Which House members are the most vulnerable to a coronavirus pandemic?

Which House members are the most vulnerable to a coronavirus pandemic?

The Senate is expected to pass a bipartisan bill to reinstate a long-stalled cybersecurity bill, with some House Democrats pushing for it to include provisions to require a company to hand over user data to the government and require the FBI to obtain a court order to access emails and other private data stored on the servers of internet companies.

But the bill could be delayed in the House, where Democrats have repeatedly blocked any measure that would address cybersecurity.

Republicans and some Democrats say the bill would do little to prevent the spread of the coronaviruses that killed nearly 1,400 people in the U.S. and abroad, including some at Disneyland, a major tourist destination.

Democrats, however, are concerned that a cybersecurity bill could give the federal government broad powers to hack into private companies’ servers.

House Minority Leader Nancy Pelosi of California, a California Democrat, said in a statement Friday that she opposes the cybersecurity bill because she believes it will allow the federal and state governments to spy on Americans without a warrant, even if the companies are cooperating.

A spokesman for the House Democratic leadership did not respond to requests for comment.

Democrats have pushed for legislation to require companies to give the government access to customer data, but Republican leaders have said they oppose the legislation.

In a letter to the House leadership last week, Pelosi asked why lawmakers were not proposing a measure that included provisions for companies to disclose their own cybersecurity policies and a mechanism to let customers dispute government claims of security breaches.

The legislation could be reintroduced as soon as next week if Democrats don’t reject it, said a Democratic aide who has been briefed on the issue.

Republican House Speaker John Boehner said Friday that the bill is “a nonstarter” because it is a partisan exercise, and Democrats will have to come to the table and compromise.

The cybersecurity bill is also likely to be delayed until next year, as the House and Senate are both struggling to reconcile their bills.

Democrats in the Senate, led by Majority Leader Mitch McConnell of Kentucky, have said the bills should be brought back to a conference committee to allow them to vote on them, and Republicans are hoping that this time, they can reach a compromise.

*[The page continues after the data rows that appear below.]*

(* Let $T$ be a light tournament and let $z$ be a vertex of $T$ of minimum in-degree. Then the subtournament $T[V_2(z)]$ induced by the in-neighborhood of $z$ is $\mathcal{T}_5$-free.
   Context: A triangle of a tournament is a set of three vertices inducing a directed 3-cycle. An unordered pair $ab$ of vertices is a diagonal if there exist vertices $u,v$ with $\{u,v,a\}$ and $\{u,v,b\}$ both triangles. A triangle is heavy if at least two of its pairs are diagonals; a tournament is light if it has no heavy triangle. $V_2(z)=\{v: (v,z)\in A(T)\}$. A feedback vertex set of a tournament is a vertex set whose removal leaves an acyclic tournament. $\mathcal{T}_5$ is the set of tournaments on 5 vertices whose minimum feedback vertex set has size 2; a tournament is $\mathcal{T}_5$-free if it has no subtournament isomorphic to a member of $\mathcal{T}_5$. *)

From mathcomp Require Import all_boot.
Set Implicit Arguments. Unset Strict Implicit. Unset Printing Implicit Defensive.

(* A tournament on the finite vertex type T, with arc relation A (A u v : u -> v). *)
Definition is_tournament (T : finType) (A : rel T) : Prop :=
  (forall u, ~~ A u u) /\
  (forall u v, u != v -> (A u v || A v u) && ~~ (A u v && A v u)).

Definition triangle (T : finType) (A : rel T) (a b c : T) : bool :=
  (A a b && A b c && A c a) || (A b a && A c b && A a c).

Definition diagonal (T : finType) (A : rel T) (a b : T) : bool :=
  (a != b) && [exists u, exists v, triangle A u v a && triangle A u v b].

Definition heavy (T : finType) (A : rel T) (a b c : T) : bool :=
  triangle A a b c &&
  ((diagonal A a b && diagonal A b c) || (diagonal A b c && diagonal A c a)
   || (diagonal A c a && diagonal A a b)).

Definition light (T : finType) (A : rel T) : Prop :=
  forall a b c, ~~ heavy A a b c.

Definition indeg (T : finType) (A : rel T) (v : T) : nat := #|[set u | A u v]|.

Definition V2 (T : finType) (A : rel T) (z : T) : {set T} := [set v | A v z].

Definition acyclic_on (T : finType) (A : rel T) (W : {set T}) : bool :=
  let e := [rel u v | [&& u \in W, v \in W & A u v]] in
  ~~ [exists x in W, exists y in W, A x y && connect e y x].

Definition is_fvs (T : finType) (A : rel T) (S F : {set T}) : bool :=
  (F \subset S) && acyclic_on A (S :\: F).

Definition min_fvs_is_two (T : finType) (A : rel T) (S : {set T}) : Prop :=
  (exists F : {set T}, is_fvs A S F /\ #|F| = 2) /\
  (forall F : {set T}, is_fvs A S F -> 2 <= #|F|).

Definition T5_free (T : finType) (A : rel T) (X : {set T}) : Prop :=
  forall S : {set T}, S \subset X -> #|S| = 5 -> ~ min_fvs_is_two A S.

From mathcomp Require Import all_boot.
Set Implicit Arguments. Unset Strict Implicit.

(* We prove more than T_5-freeness: the in-neighbourhood V2(z)
   of a vertex z of minimum in-degree induces a TRANSITIVE subtournament.
   1. Minimality of the in-degree forces every x in V2(z) to be reached from
      z by a path z -> y -> x (otherwise x has fewer in-neighbours than z).
   2. Using these return paths, each arc p -> q inside V2(z) produces a
      diagonal pq or a diagonal zq, and two diagonals zp, zq produce the
      diagonal pq (lightness rules out the remaining configuration).
   3. A directed triangle inside V2(z) would then carry two diagonals, i.e.
      be heavy; so V2(z) contains no directed triangle and is transitive.
   4. A transitive vertex set induces an acyclic subtournament, so for every
      5-set S inside V2(z) the empty set is a feedback vertex set of T[S],
      and the minimum feedback vertex set of T[S] cannot have size 2. *)

Section Tournament.
Variables (T : finType) (A : rel T).
Hypothesis hT : is_tournament A.

Lemma arc_irrefl u : ~~ A u u.
Proof. by case: hT. Qed.

Lemma arc_neq u v : A u v -> u != v.
Proof. by move=> huv; apply: contraTneq huv => ->; apply: arc_irrefl. Qed.

Lemma arc_asym u v : A u v -> A v u -> False.
Proof.
move=> huv hvu; case: hT => _ /(_ u v (arc_neq huv)) /andP [_].
by rewrite huv hvu.
Qed.

Lemma arc_total u v : u != v -> ~~ A u v -> A v u.
Proof.
move=> neq huv; case: hT => _ /(_ u v neq) /andP [].
by rewrite (negbTE huv).
Qed.

Lemma triangleI a b c : A a b -> A b c -> A c a -> triangle A a b c.
Proof. by move=> hab hbc hca; rewrite /triangle hab hbc hca. Qed.

Lemma diagonal_sym a b : diagonal A a b -> diagonal A b a.
Proof.
case/andP=> neq /existsP [u /existsP [v /andP [hua hub]]].
rewrite /diagonal eq_sym neq; apply/existsP; exists u; apply/existsP; exists v.
by rewrite hua hub.
Qed.

Lemma diagonalI a b u v : a != b -> triangle A u v a -> triangle A u v b ->
  diagonal A a b.
Proof.
move=> neq hua hub; rewrite /diagonal neq.
by apply/existsP; exists u; apply/existsP; exists v; rewrite hua hub.
Qed.

Lemma diagonal_common_tail z y a b : A z y -> A y a -> A y b ->
  A a z -> A b z -> a != b -> diagonal A a b.
Proof.
by move=> hzy hya hyb haz hbz neq; apply: (diagonalI (u:=z) (v:=y)) => //;
  apply: triangleI.
Qed.

Lemma diagonal_z_head z y a b : A z y -> A y a -> A a b -> A b y ->
  A a z -> A b z -> diagonal A z b.
Proof.
move=> hzy hya hab hby haz hbz; apply: (diagonalI (u:=y) (v:=a)).
- by rewrite eq_sym; apply: arc_neq.
- exact: triangleI.
- exact: triangleI.
Qed.

Lemma diagonal_z_out z y y' q : A z y -> A z y' -> A y y' -> A y' q ->
  A q y -> A q z -> diagonal A z y.
Proof.
move=> hzy hzy' hyy' hy'q hqy hqz; apply: (diagonalI (u:=y') (v:=q)).
- exact: arc_neq.
- exact: triangleI.
- exact: triangleI.
Qed.

(* If the arcs inside W form a transitive relation, T[W] is acyclic: a cycle
   would collapse, by transitivity, to a loop or to a pair of opposite arcs. *)
Lemma acyclic_on_of_transitive (W : {set T}) :
  (forall u v w, u \in W -> v \in W -> w \in W -> A u v -> A v w -> A u w) ->
  acyclic_on A W.
Proof.
move=> transW; set e := [rel u v | [&& u \in W, v \in W & A u v]].
have e_trans : transitive e.
  move=> v u w /and3P [uW vW huv] /and3P [_ wW hvw].
  by rewrite /= uW wW (transW u v w).
apply/negP => /exists_inP [x xW /exists_inP [y yW /andP [hxy]]].
case/connectP => p pth xlast; rewrite {}xlast in hxy.
case: p hxy pth => [|a p] hxy; first by move: (arc_irrefl y); rewrite hxy.
rewrite (path_sortedE e_trans) => /andP [/allP ey _].
by move: (ey _ (mem_last a p)) => /and3P [_ _ /(arc_asym hxy)].
Qed.

(* An acyclic vertex set has the empty feedback vertex set. *)
Lemma acyclic_not_min_fvs_two (S : {set T}) :
  acyclic_on A S -> ~ min_fvs_is_two A S.
Proof.
move=> acS [_ /(_ set0)]; rewrite cards0 /is_fvs sub0set setD0 acS.
by move/(_ isT).
Qed.

Section MinInDegree.
Variable z : T.
Hypothesis hl : light A.
Hypothesis hz : forall w : T, indeg A z <= indeg A w.

(* Step 1: every in-neighbour x of z is reached back as z -> y -> x, since
   otherwise N^-(x) would be contained in N^-(z) \ {x}. *)
Lemma return_path x : A x z -> exists y, A z y && A y x.
Proof.
move=> hxz; apply/existsP; apply: contraT => noret.
have sub : [set u | A u x] \subset [set u | A u z] :\ x.
  apply/subsetP => u; rewrite !inE => hux; rewrite (arc_neq hux) /=.
  have neq : u != z by apply: contraTneq hux => ->; apply/negP => /(arc_asym hxz).
  apply: contraT => huz; move: noret; rewrite negb_exists => /forallP /(_ u).
  by rewrite (arc_total neq huz) hux.
have := leq_trans (hz x) (subset_leq_card sub).
by rewrite /indeg (cardsD1 x) inE hxz ltnn.
Qed.

Lemma light_two_diagonals a b c : triangle A a b c -> diagonal A a b ->
  diagonal A b c -> False.
Proof. by move=> habc hab hbc; move: (hl a b c); rewrite /heavy habc hab hbc. Qed.

Lemma light_at_z y a : A z y -> A y a -> A a z -> diagonal A z y ->
  diagonal A z a -> False.
Proof.
move=> hzy hya haz hzy_d hza_d; move: (hl z y a).
by rewrite /heavy (triangleI hzy hya haz) hzy_d (diagonal_sym hza_d) !orbT.
Qed.

Lemma arc_in_V2_diagonal p q : A p z -> A q z -> A p q ->
  diagonal A p q \/ diagonal A z q.
Proof.
move=> hpz hqz hpq; have [y /andP [hzy hyp]] := return_path hpz.
have [hyq | hyq] := boolP (A y q).
  by left; apply: (diagonal_common_tail hzy hyp hyq hpz hqz (arc_neq hpq)).
have neq : y != q by apply: contraTneq hzy => ->; apply/negP => /(arc_asym hqz).
by right; apply: (diagonal_z_head hzy hyp hpq (arc_total neq hyq) hpz hqz).
Qed.

Lemma diagonal_through_z p q : A p z -> A q z -> p != q ->
  diagonal A z p -> diagonal A z q -> diagonal A p q.
Proof.
move=> hpz hqz neq dzp dzq.
have [yp /andP [hzyp hypp]] := return_path hpz.
have [yq /andP [hzyq hyqq]] := return_path hqz.
have [hypq | hqyp] := boolP (A yp q).
  exact: (diagonal_common_tail hzyp hypp hypq hpz hqz neq).
have [hyqp | hpyq] := boolP (A yq p).
  by apply/diagonal_sym/(diagonal_common_tail hzyq hyqq hyqp hqz hpz); rewrite eq_sym.
have {}hqyp : A q yp.
  by apply: arc_total hqyp; apply: contraTneq hzyp => ->; apply/negP => /(arc_asym hqz).
have {}hpyq : A p yq.
  by apply: arc_total hpyq; apply: contraTneq hzyq => ->; apply/negP => /(arc_asym hpz).
have ypq : yp != yq by apply: contraTneq hypp => ->; apply/negP => /(arc_asym hpyq).
exfalso; have [hyy | hyy] := boolP (A yp yq).
  exact: (light_at_z hzyp hypp hpz (diagonal_z_out hzyp hzyq hyy hyqq hqyp hqz) dzp).
exact: (light_at_z hzyq hyqq hqz
  (diagonal_z_out hzyq hzyp (arc_total ypq hyy) hypp hpyq hpz) dzq).
Qed.

(* By Step 2a each side gives a
   diagonal on it or from z; at most one side diagonal is allowed, so two of
   za, zb, zc hold, and Step 2b turns them into a second side diagonal. *)
Lemma V2_no_triangle a b c : A a z -> A b z -> A c z ->
  A a b -> A b c -> A c a -> False.
Proof.
move=> haz hbz hcz hab hbc hca.
have H1 := light_two_diagonals (triangleI hab hbc hca).
have H2 := light_two_diagonals (triangleI hbc hca hab).
have H3 := light_two_diagonals (triangleI hca hab hbc).
have D1 := arc_in_V2_diagonal haz hbz hab.
have D2 := arc_in_V2_diagonal hbz hcz hbc.
have D3 := arc_in_V2_diagonal hcz haz hca.
have C1 := diagonal_through_z haz hbz (arc_neq hab).
have C2 := diagonal_through_z hbz hcz (arc_neq hbc).
have C3 := diagonal_through_z hcz haz (arc_neq hca).
tauto.
Qed.

Lemma V2_transitive u v w : A u z -> A v z -> A w z -> A u v -> A v w -> A u w.
Proof.
move=> huz hvz hwz huv hvw; apply: contraT => huw.
have neq : u != w by apply: contraTneq huv => ->; apply/negP => /(arc_asym hvw).
by case: (V2_no_triangle huz hvz hwz huv hvw (arc_total neq huw)).
Qed.

End MinInDegree.
End Tournament.

Theorem lemma6 (T : finType) (A : rel T) (hT : is_tournament A) (hl : light A)
  (z : T) (hz : forall w : T, indeg A z <= indeg A w) :
  T5_free A (V2 A z).
Proof.
move=> S sSV _.
have inV2 x : x \in S -> A x z.
  by move=> xS; move/subsetP: sSV => /(_ x xS); rewrite inE.
have acS : acyclic_on A S.
  apply: (acyclic_on_of_transitive hT) => u v w uS vS wS.
  exact: (V2_transitive hT hl hz (inV2 u uS) (inV2 v vS) (inV2 w wS)).
exact: (acyclic_not_min_fvs_two acS).
Qed.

A House cybersecurity committee has been trying to work on the bill since early March.

Democrats and Republicans have tried to get the bills to pass the House on the same day.

But Republicans have failed to gain the necessary 51 votes to pass any legislation, and a compromise has been difficult to achieve.

On Friday, President Donald Trump said that his administration is working on a new cybersecurity bill that includes some cybersecurity provisions.

The president said the bill will give the private sector more control over its cybersecurity and “make it more difficult for cyberattacks to be launched.”

But the administration is still waiting on a cybersecurity policy from the Federal Communications Commission, which is due to be released this week.

The FCC has not yet said whether it will adopt new rules.

The White House said Friday it is working to have the new cybersecurity legislation before the end of the year.